Behind the scene, the ChatGPT API is using Server Side Events (SSE) i.e. media stream events to return each token as and when they are generated. SSE is like an intermediate approach between normal HTTP request (server returns one result per request) and websocket (server and client can send multiple requests and results). In SSE, while client sends one request, server can return multiple results.
In this article, we will try to replicate the ChatGPT streaming output behavior by creating a python application (FastAPI server) that could acts as a middleman between OpenAI and Frontend. In this case, OpenAI returns the outputs to our Python server at token level and the server passes it along to its client in the same manner. Let's get started!

Code

OpenAI Streaming

If you know how to use OpenAI package to generate ChatGPT output (which in itself is quite easy), then getting the streaming output nothing but adding one more param (stream=True) in openai.ChatCompletion.create. Below is the code that you can easily copy paste and start using right now,

# import 
import openai

# set the keys
openai.api_key = ".." # provide the key here
openai.organization = ".." # provide the key here

# create the ChatCompletion.create obj
completion = openai.ChatCompletion.create(
  stream=True, # the magic happens here
  model="gpt-3.5-turbo-0301",
  messages=[
    {"role": "system", "content": "You are a mails assistant. Given an email, write a proper reply."},
    {"role": "user", "content": """Mail: "We are all set. Thanks -Cam"
    """}
  ]
)

# print in streaming fashion
for chunk in completion:
    print(chunk.choices[0].delta.get("content", ""), end="", flush=True)

In the above code, just by adding the stream=True OpenAI package is able to take care of all the hardwork and we get a completion generator. In Python, you just need to iterate over it to get the result at token level and as and when they are available. For example, if you time it with and without the stream=True param, you will notice the difference in output and as well as in time.
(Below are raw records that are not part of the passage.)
Lemma sum_qaffine_shift (a : F) (u1 v1 w1 u2 v2 w2 : R) : a != 0 ->
  \sum_y qaffine u1 v1 w1 y * qaffine u2 v2 w2 (y + a) =
  #|F|%:R * u1 * u2 - v1 * v2 + w1 * (u2 + v2 * qchar a) + w2 * (u1 + v1 * qchar (- a)).
Proof.
move=> a0.
have dirac (b : F) (c : R) : \sum_y (y == b)%:R * c = c.
  by rewrite (bigD1 b) //= eqxx mul1r big1 ?addr0 // => y /negbTE ->; rewrite mul0r.
have split_at_poles y : qaffine u1 v1 w1 y * qaffine u2 v2 w2 (y + a) =
    u1 * u2 + u1 * v2 * qchar (y + a) + v1 * u2 * qchar y
    + v1 * v2 * (qchar y * qchar (y + a))
    + (y == 0)%:R * (w1 * (u2 + v2 * qchar a))
    + (y == - a)%:R * (w2 * (u1 + v1 * qchar (- a))).
  rewrite /qaffine addr_eq0.
  have [-> | y0] := eqVneq y 0.
    by rewrite eq_sym oppr_eq0 (negbTE a0) add0r qchar0 /=; ring.
  have [-> | ya] := eqVneq y (- a).
    by rewrite addNr qchar0 /=; ring.
  by rewrite /=; ring.
rewrite (eq_bigr _ (fun y _ => split_at_poles y)) !big_split /= -!mulr_sumr.
rewrite sumr_const qchar_sum qchar_shift_sum qchar_autocorr // !dirac.
ring.
Qed.

End QuadraticCharacter.

Section PrimeField.

Variable p : nat.
Hypothesis p_pr : prime p.

Lemma Fp_natr_eq m n : ((m%:R : 'F_p) == n%:R) = (m == n %[mod p])%N.
Proof.
apply/eqP/eqP => [/(congr1 val) | mn]; first by rewrite /= !val_Fp_nat.
by rewrite -Fp_nat_mod // mn Fp_nat_mod.
Qed.

Lemma Fp_natr_eq0 m : ((m%:R : 'F_p) == 0) = (p %| m)%N.
Proof. by rewrite (dvdn_pcharf (pchar_Fp p_pr)). Qed.

Lemma sum_Fp_ord (V : nmodType) (G : 'F_p -> V) :
  \sum_(k < p) G k%:R = \sum_(y : 'F_p) G y.
Proof.
rewrite [RHS](eq_bigr (fun y : 'F_p => G (val y)%:R)) => [|y _]; last by rewrite natr_Zp.
by rewrite -!(big_mkord xpredT (fun i => G i%:R)) Fp_cast.
Qed.

Lemma qres_Fp k : qres p k = ((k%:R : 'F_p) != 0) && [exists y : 'F_p, y * y == k%:R].
Proof.
rewrite /qres Fp_natr_eq0 /dvdn; congr (_ && _).
apply/existsP/existsP => -[i].
  by rewrite -Fp_natr_eq natrM => sq; exists i%:R.
by exists (cast_ord (Fp_cast p_pr) i); rewrite /= -Fp_natr_eq natrM natr_Zp.
Qed.

Lemma legendre_qchar (R : numDomainType) h k :
  p = h.*2.+1 -> (legendre p k)%:~R = qchar h R (k%:R : 'F_p).
Proof.
move=> ph; rewrite /legendre /qchar Fp_natr_eq0 /dvdn.
case: eqP => [// | /eqP k0].
rewrite qres_Fp Fp_natr_eq0 /dvdn k0 -(euler_criterion (h := h)) ?Fp_natr_eq0 ?card_Fp //.
by case: (_ ^+ h == 1); rewrite ?mulr1z ?mulrN1z.
Qed.

Lemma prod_odd_even_split k :
  (\prod_(i < k.*2.+1) i.+1 = (\prod_(i < k.+1) i.*2.+1) * \prod_(i < k) i.*2.+2)%N.
Proof.
elim: k => [|k IH]; first by rewrite !big_ord_recr !big_ord0.
rewrite doubleS (big_ord_recr k.*2.+2) (big_ord_recr k.*2.+1) (big_ord_recr k.+1).
by rewrite (big_ord_recr k (fun i => i.*2.+2)) /= IH doubleS; ring.
Qed.

Lemma Fp_two_exp_half q : p = q.*2.*2.+3 -> (2 : 'F_p) ^+ q.*2.+1 = (-1) ^+ q.+1.
Proof.
(* 2^h h! is the product of the even numbers 2, ..., p - 1, and those above h
   are congruent to minus the odd numbers up to h. *)
move=> pq.
pose odds : 'F_p := \prod_(i < q.+1) (i.*2.+1)%:R.
pose evens : 'F_p := \prod_(i < q) (i.*2.+2)%:R.
have oddsE : odds * evens = \prod_(i < q.*2.+1) (i.+1)%:R.
  by rewrite /odds /evens -!natr_prod -natrM -prod_odd_even_split.
have fact_neq0 : odds * evens != 0.
  rewrite oddsE; apply/prodf_neq0 => i _; rewrite Fp_natr_eq0; apply/negP => /dvdn_leq.
  by have := ltn_ord i; rewrite pq; lia.
apply: (mulIf fact_neq0).
have doubled : 2 ^+ q.*2.+1 * (odds * evens) = \prod_(i < q + q.+1) ((i.*2.+2)%:R : 'F_p).
  rewrite oddsE (_ : (q + q.+1 = q.*2.+1)%N); last by lia.
  have -> : (2 : 'F_p) ^+ q.*2.+1 = \prod_(i < q.*2.+1) 2 by rewrite prodr_const card_ord.
  rewrite -big_split /=.
  by apply: eq_bigr => i _; rewrite -natrM mul2n doubleS.
have upper_half :
    \prod_(i < q.+1) (((q + i).*2.+2)%:R : 'F_p) = \prod_(i < q.+1) - (i.*2.+1)%:R.
  rewrite (reindex_inj rev_ord_inj); apply: eq_bigr => i _ /=.
  apply/eqP; rewrite -addr_eq0 -natrD Fp_natr_eq0 pq; apply/dvdnP; exists 1%N.
  by have := ltn_ord i; lia.
rewrite doubled big_split_ord /= upper_half prodrN card_ord mulrCA.
by congr (_ * _); rewrite mulrC.
Qed.

Lemma qchar_two (R : numDomainType) q :
  p = q.*2.*2.+3 -> qchar q.*2.+1 R (2 : 'F_p) = if odd q then 1 else -1.
Proof.
move=> pq; have cardF : #|'F_p| = q.*2.+1.*2.+1 by rewrite card_Fp // pq.
have two_neq0 : (2 : 'F_p) != 0 by rewrite Fp_natr_eq0 gtnNdvd // pq.
rewrite /qchar (negbTE two_neq0) Fp_two_exp_half // -signr_odd /=.
by case: (odd q); rewrite /= ?expr0 ?expr1 ?eqxx // (negbTE (oppr1_neq1 cardF)).
Qed.

End PrimeField.

Section LegendreVector.

Variable C : numClosedFieldType.

Lemma conjC_sqr_lt0 (s : C) : s ^+ 2 < 0 -> s^* = - s.
Proof.
move=> s2; have : s^* ^+ 2 == s ^+ 2.
  by rewrite -rmorphXn /= conj_Creal ?ltr0_real.
rewrite eqf_sqr => /orP[/eqP sc | /eqP //].
by rewrite le_gtF // -realEsqr CrealE sc in s2.
Qed.

Lemma conj_legvec p (s X : C) k : s^* = - s -> X^* = X^-1 ->
  (legvec p s X k)^* = legvec p (- s) X^-1 k.
Proof.
move=> sc Xc; rewrite /legvec; case: ifP => // _.
by case: ifP => _; rewrite ?rmorphN ?fmorphV /= Xc ?invrK.
Qed.

Lemma rhs3_invN p (s X : C) : X != 0 -> rhs3 p s (- X^-1) = rhs7 p s X.
Proof. by move=> X0; rewrite /rhs3 /rhs7; field. Qed.

Lemma rhs7_invN p (s X : C) : X != 0 -> rhs7 p s (- X^-1) = rhs3 p s X.
Proof. by move=> X0; rewrite /rhs3 /rhs7; field. Qed.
While without the param the output could be available after a couple of seconds, with the param the first token will be available within a second, and the subsequent tokens after the previous one with short gap.
To simulate the streaming output, we use print statement with end="" instead of default end="\n" so that to ignore the newline after each iteration. We also use flush=True so that print statment does not wait for its buffer to get full before printing on terminal.
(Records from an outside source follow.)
(* Let $p/q$ be a rational number with $q\in\mathbb N$, $\gcd(p,q)=1$, and let $n\in\mathbb N$ with $\gcd(n^2,q)\mid n$. Then for every $y>0$, $$\mathcal R_n\left(\tfrac pq,y\right)=\bigcup_{d\mid n}\mathcal R^{\rm pr}_{n/d}\left(x_d,\tfrac{d^2}{k^2n^2y}\right),$$ for some numbers $x_d\in\mathbb R/\mathbb Z$ depending on $d$ (and on $p,q,n$), where $k=q/\gcd(n,q)$. If moreover $\gcd(n,q)=1$, then for any integers $a,b$ with $an+bq=1$, $$\mathcal R^{\rm pr}_n\left(\tfrac pq,y\right)=\mathcal R^{\rm pr}_n\left(-\tfrac{\overline{pn}\,a}{q},\tfrac{1}{q^2n^2y}\right),$$ where $\overline{pn}$ is an integer representing the multiplicative inverse of $pn$ modulo $q$.
   Context: $\Gamma=\mathrm{SL}_2(\mathbb Z)$, $\mathcal M=\Gamma\backslash\mathbb H$. For $n\in\mathbb N$, $x\in\mathbb R/\mathbb Z$, $y>0$: $\mathcal R_n(x,y)=\{\Gamma(x+\tfrac jn+iy):0\le j\le n-1\}$ and $\mathcal R^{\rm pr}_n(x,y)=\{\Gamma(x+\tfrac jn+iy):j\in(\mathbb Z/n\mathbb Z)^\times\}$ (for $n=1$, $(\mathbb Z/1\mathbb Z)^\times=\{0\}$). *)

From Stdlib Require Import Reals ZArith Arith.
Open Scope R_scope.

(* A point z = x + i y of the upper half plane is represented by the pair (x, y). *)
Definition hpoint := (R * R)%type.

(* Mobius action of the integer matrix [[a, b], [c, d]] on z = x + i y:
   (a z + b)/(c z + d) = ((a x + b)(c x + d) + a c y^2 + i y (a d - b c)) / |c z + d|^2. *)
Definition mob (a b c d : Z) (z : hpoint) : hpoint :=
  let (x, y) := z in
  let A := IZR a in let B := IZR b in let C := IZR c in let D := IZR d in
  let den := (C * x + D) ^ 2 + (C * y) ^ 2 in
  (((A * x + B) * (C * x + D) + A * C * y ^ 2) / den,
   ((A * D - B * C) * y) / den).

(* The orbit Gamma z under Gamma = SL_2(Z): a point of M = Gamma \ H, as a set of points. *)
Definition orbit (z : hpoint) : hpoint -> Prop :=
  fun w => exists a b c d : Z, (a * d - b * c = 1)%Z /\ w = mob a b c d z.

(* A set of points of M, as a predicate on orbits. *)
Definition Mset := (hpoint -> Prop) -> Prop.

Definition Rn (n : nat) (x y : R) : Mset :=
  fun O => exists j : nat, (j < n)%nat /\ O = orbit (x + INR j / INR n, y).

(* R^pr_n(x, y) = { Gamma(x + j/n + i y) : j in (Z/nZ)^x }, j taken in 0..n-1
   (for n = 1 this is j = 0, since gcd 0 1 = 1). *)
Definition Rpr (n : nat) (x y : R) : Mset :=
  fun O => exists j : nat, (j < n)%nat /\ Nat.gcd j n = 1%nat /\
                           O = orbit (x + INR j / INR n, y).

Definition Mset_eq (S T : Mset) : Prop := forall O, S O <-> T O.

From Stdlib Require Import Reals ZArith Lia Lra Znumtheory.
From Stdlib Require Import FunctionalExtensionality PropExtensionality.
Open Scope R_scope.

(* If V > 0 and u a = -1 (mod V), the matrix [[a, -c], [V, -u]] with u a + 1 = c V lies in
   SL_2(Z) and maps u/V + i y to a/V + i/(V^2 y).  Writing p/q + j/n = N_j/(k n), the point
   is therefore equivalent to A/(k m) + i d^2/(k^2 n^2 y), where d = gcd(N_j, n), m = n/d
   and A = -(N_j/d)^-1 (mod k m).  The hypothesis gcd(n^2, q) | n gives gcd(k, n) = 1, so by
   the Chinese remainder theorem A is a residue mod k depending only on d, glued to k t mod m
   with t a unit of Z/mZ; every j yields such a pair (d, t) and every pair arises.  The second
   identity is the same computation with V = q n, j and t being related by
   j t q^2 = -1 (mod n). *)

Lemma pow2_gt_0 (x : R) : x <> 0 -> 0 < x ^ 2.
Proof. intros Hx. rewrite <- Rsqr_pow2. exact (Rsqr_pos_lt x Hx). Qed.

Lemma mob_den_pos (a b c d : Z) (x y : R) : 0 < y -> (a * d - b * c = 1)%Z ->
  0 < (IZR c * x + IZR d) ^ 2 + (IZR c * y) ^ 2.
Proof.
  intros Hy Hdet. pose proof (pow2_ge_0 (IZR c * x + IZR d)).
  pose proof (pow2_ge_0 (IZR c * y)).
  destruct (Z.eq_dec c 0) as [-> | Hc].
  - assert (Hd : IZR d <> 0) by (apply not_0_IZR; lia).
    replace (0 * x + IZR d) with (IZR d) by ring. pose proof (pow2_gt_0 _ Hd). lra.
  - assert (Hcy : IZR c * y <> 0).
    { apply Rmult_integral_contrapositive_currified; [exact (not_0_IZR _ Hc) | lra]. }
    pose proof (pow2_gt_0 _ Hcy). lra.
Qed.

Lemma det_mul (a b c d a' b' c' d' : Z) :
  (a * d - b * c = 1)%Z -> (a' * d' - b' * c' = 1)%Z ->
  ((a * a' + b * c') * (c * b' + d * d') - (a * b' + b * d') * (c * a' + d * c') = 1)%Z.
Proof.
  intros Hdet Hdet'.
  transitivity ((a * d - b * c) * (a' * d' - b' * c'))%Z; [ring | rewrite Hdet, Hdet'; ring].
Qed.

Lemma mob_comp (a b c d a' b' c' d' : Z) (x y : R) : 0 < y ->
  (a * d - b * c = 1)%Z -> (a' * d' - b' * c' = 1)%Z ->
  mob a b c d (mob a' b' c' d' (x, y)) =
  mob (a * a' + b * c') (a * b' + b * d') (c * a' + d * c') (c * b' + d * d') (x, y).
Proof.
  intros Hy Hdet Hdet'.
  pose proof (mob_den_pos _ _ _ _ x y Hy Hdet') as Hpos'.
  pose proof (mob_den_pos _ _ _ _ x y Hy (det_mul _ _ _ _ _ _ _ _ Hdet Hdet')) as Hpos''.
  unfold mob; cbv zeta. rewrite !plus_IZR, !mult_IZR in *.
  revert Hpos' Hpos''.
  generalize (IZR a) (IZR b) (IZR c) (IZR d) (IZR a') (IZR b') (IZR c') (IZR d').
  intros A B C D A' B' C' D' Hpos' Hpos''.
  (* the action identities hold for arbitrary matrices; det = 1 only makes denominators > 0 *)
  assert (Hden : (C * (((A' * x + B') * (C' * x + D') + A' * C' * y ^ 2)
                       / ((C' * x + D') ^ 2 + (C' * y) ^ 2)) + D) ^ 2
                 + (C * ((A' * D' - B' * C') * y / ((C' * x + D') ^ 2 + (C' * y) ^ 2))) ^ 2
                 = (((C * A' + D * C') * x + (C * B' + D * D')) ^ 2
                    + ((C * A' + D * C') * y) ^ 2) / ((C' * x + D') ^ 2 + (C' * y) ^ 2)).
  { field. lra. }
  rewrite Hden. f_equal; field; lra.
Qed.

Lemma mob_im_pos (a b c d : Z) (x y : R) : 0 < y -> (a * d - b * c = 1)%Z ->
  0 < snd (mob a b c d (x, y)).
Proof.
  intros Hy Hdet. pose proof (mob_den_pos _ _ _ _ x y Hy Hdet).
  unfold mob; cbv zeta; simpl snd.
  rewrite <- !mult_IZR, <- minus_IZR, Hdet. apply Rdiv_lt_0_compat; lra.
Qed.

Lemma orbit_mob_incl (a b c d : Z) (x y : R) (w : hpoint) : 0 < y -> (a * d - b * c = 1)%Z ->
  orbit (mob a b c d (x, y)) w -> orbit (x, y) w.
Proof.
  intros Hy Hdet (a' & b' & c' & d' & Hdet' & ->).
  rewrite mob_comp by assumption.
  do 4 eexists. split; [exact (det_mul _ _ _ _ _ _ _ _ Hdet' Hdet) | reflexivity].
Qed.

Lemma orbit_mob (a b c d : Z) (x y : R) : 0 < y -> (a * d - b * c = 1)%Z ->
  orbit (mob a b c d (x, y)) = orbit (x, y).
Proof.
  intros Hy Hdet.
  apply functional_extensionality; intro w; apply propositional_extensionality.
  split; [exact (orbit_mob_incl _ _ _ _ _ _ w Hy Hdet) |].
  pose proof (mob_im_pos _ _ _ _ x y Hy Hdet) as Him.
  destruct (mob a b c d (x, y)) as [X Y] eqn:Hw; simpl in Him.
  assert (Hback : mob d (- b) (- c) a (X, Y) = (x, y)).
  { rewrite <- Hw, mob_comp by (assumption || lia).
    replace (d * a + - b * c)%Z with 1%Z by lia.
    replace (d * b + - b * d)%Z with 0%Z by ring.
    replace (- c * a + a * c)%Z with 0%Z by ring.
    replace (- c * b + a * d)%Z with 1%Z by lia.
    unfold mob; cbv zeta. f_equal; field. }
  rewrite <- Hback. apply orbit_mob_incl; [exact Him | lia].
Qed.

Lemma orbit_shift (m : Z) (x y : R) : 0 < y -> orbit (x + IZR m, y) = orbit (x, y).
Proof.
  intros Hy. rewrite <- (orbit_mob 1 m 0 1 x y Hy) by ring.
  f_equal. unfold mob; cbv zeta. f_equal; field.
Qed.

Lemma orbit_swap (V u a l : Z) (y : R) : (0 < V)%Z -> 0 < y -> (V | u * a + 1)%Z ->
  orbit (IZR u / IZR V + IZR l, y) = orbit (IZR a / IZR V, 1 / (IZR V ^ 2 * y)).
Proof.
  intros HV Hy [c Hc].
  assert (HVr : IZR V <> 0) by (apply not_0_IZR; lia).
  rewrite orbit_shift by exact Hy.
  rewrite <- (orbit_mob a (- c) V (- u) (IZR u / IZR V) y Hy) by lia.
  f_equal. unfold mob; cbv zeta.
  replace (IZR V * (IZR u / IZR V) + IZR (- u)) with 0 by (rewrite opp_IZR; field; exact HVr).
  replace (IZR a * IZR (- u) - IZR (- c) * IZR V) with 1
    by (rewrite <- !mult_IZR, <- minus_IZR; f_equal; lia).
  f_equal; field; lra.
Qed.

Open Scope Z_scope.

Lemma gcd_pos_r (a b : Z) : 0 < b -> 0 < Z.gcd a b.
Proof.
  intros Hb. pose proof (Z.gcd_nonneg a b).
  destruct (Z.eq_dec (Z.gcd a b) 0) as [H0 |]; [apply Z.gcd_eq_0_r in H0 |]; lia.
Qed.

Lemma rel_prime_of_inv (x a V : Z) : (V | a * x + 1) -> rel_prime x V.
Proof. intros [c Hc]. apply bezout_rel_prime. exists (- a) c. lia. Qed.

Lemma exists_inv_mod (x V : Z) : 0 < V -> rel_prime x V ->
  exists a, 0 <= a < V /\ rel_prime a V /\ (V | a * x + 1).
Proof.
  intros HV Hx. destruct (rel_prime_bezout _ _ Hx) as [u v Huv].
  assert (Hinv : (V | (- u) mod V * x + 1)).
  { exists (v - (- u / V) * x). pose proof (Z.div_mod (- u) V ltac:(lia)). nia. }
  exists ((- u) mod V). split; [apply Z.mod_pos_bound; lia |].
  split; [| exact Hinv].
  apply (rel_prime_of_inv _ x). rewrite Z.mul_comm. exact Hinv.
Qed.

Lemma rel_prime_mult_l (a b c : Z) : rel_prime a c -> rel_prime b c -> rel_prime (a * b) c.
Proof. intros Ha Hb. apply rel_prime_sym, rel_prime_mult; apply rel_prime_sym; assumption. Qed.

Lemma rel_prime_add_mul (x k V : Z) : rel_prime x V -> rel_prime (x + k * V) V.
Proof.
  intros Hx. destruct (rel_prime_bezout _ _ Hx) as [u v Huv].
  apply bezout_rel_prime. exists u (v - u * k). lia.
Qed.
OpenAI Streaming App (using FastAPI)

Now that we have the OpenAI related part done, let's focus on creating FastAPI App and expose the OpenAI wrapper as an event stream service. Below is the code,

# Filename: api.py
# import
import openai
from pydantic import BaseModel
from fastapi import FastAPI, Request
from fastapi.responses import StreamingResponse
from fastapi.middleware.cors import CORSMiddleware

# define app 
app = FastAPI()

# add CORS policy
origins = [
    "*",
]
app.add_middleware(
    CORSMiddleware,
    allow_origins=origins,
    allow_credentials=True,
    allow_methods=["*"],
    allow_headers=["*"],
)

# Set your OpenAI API key here
openai.api_key = "..."
openai.organization = "..."

# Create BaseModel class
class Message(BaseModel):
    prompt: str

@app.post("/chat")
def chat_socket(msg: Message):
    """
    Generates a response using the OpenAI Chat API in streaming fashion.

    Returns:
        A string representing the generated response.
    """
    # ChatGPT streaming response function
    def generate_openai_response():
        """
        Generates a response using the OpenAI Chat API in streaming fashion.

        Returns:
            A string representing the generated response.
        """
        completion = openai.ChatCompletion.create(
            stream=True,
            model="gpt-3.5-turbo-0301",
            messages=[
                {"role": "system", "content": "You are a bot, given the user's input, reply appropriately"},
                {"role": "user", "content": msg.prompt}]
        )
        # print in streaming fashion
        for chunk in completion:
            yield chunk.choices[0].delta.get("content", "")

    # return 
    return StreamingResponse(generate_openai_response(), media_type='text/event-stream')

# welcome page
@app.get("/")
async def home():
    return {"message": "Welcome to the ChatGPT FastAPI App!"}


# Run the application
if __name__ == "__main__":
    import uvicorn
    uvicorn.run(app, host="0.0.0.0", port=8000)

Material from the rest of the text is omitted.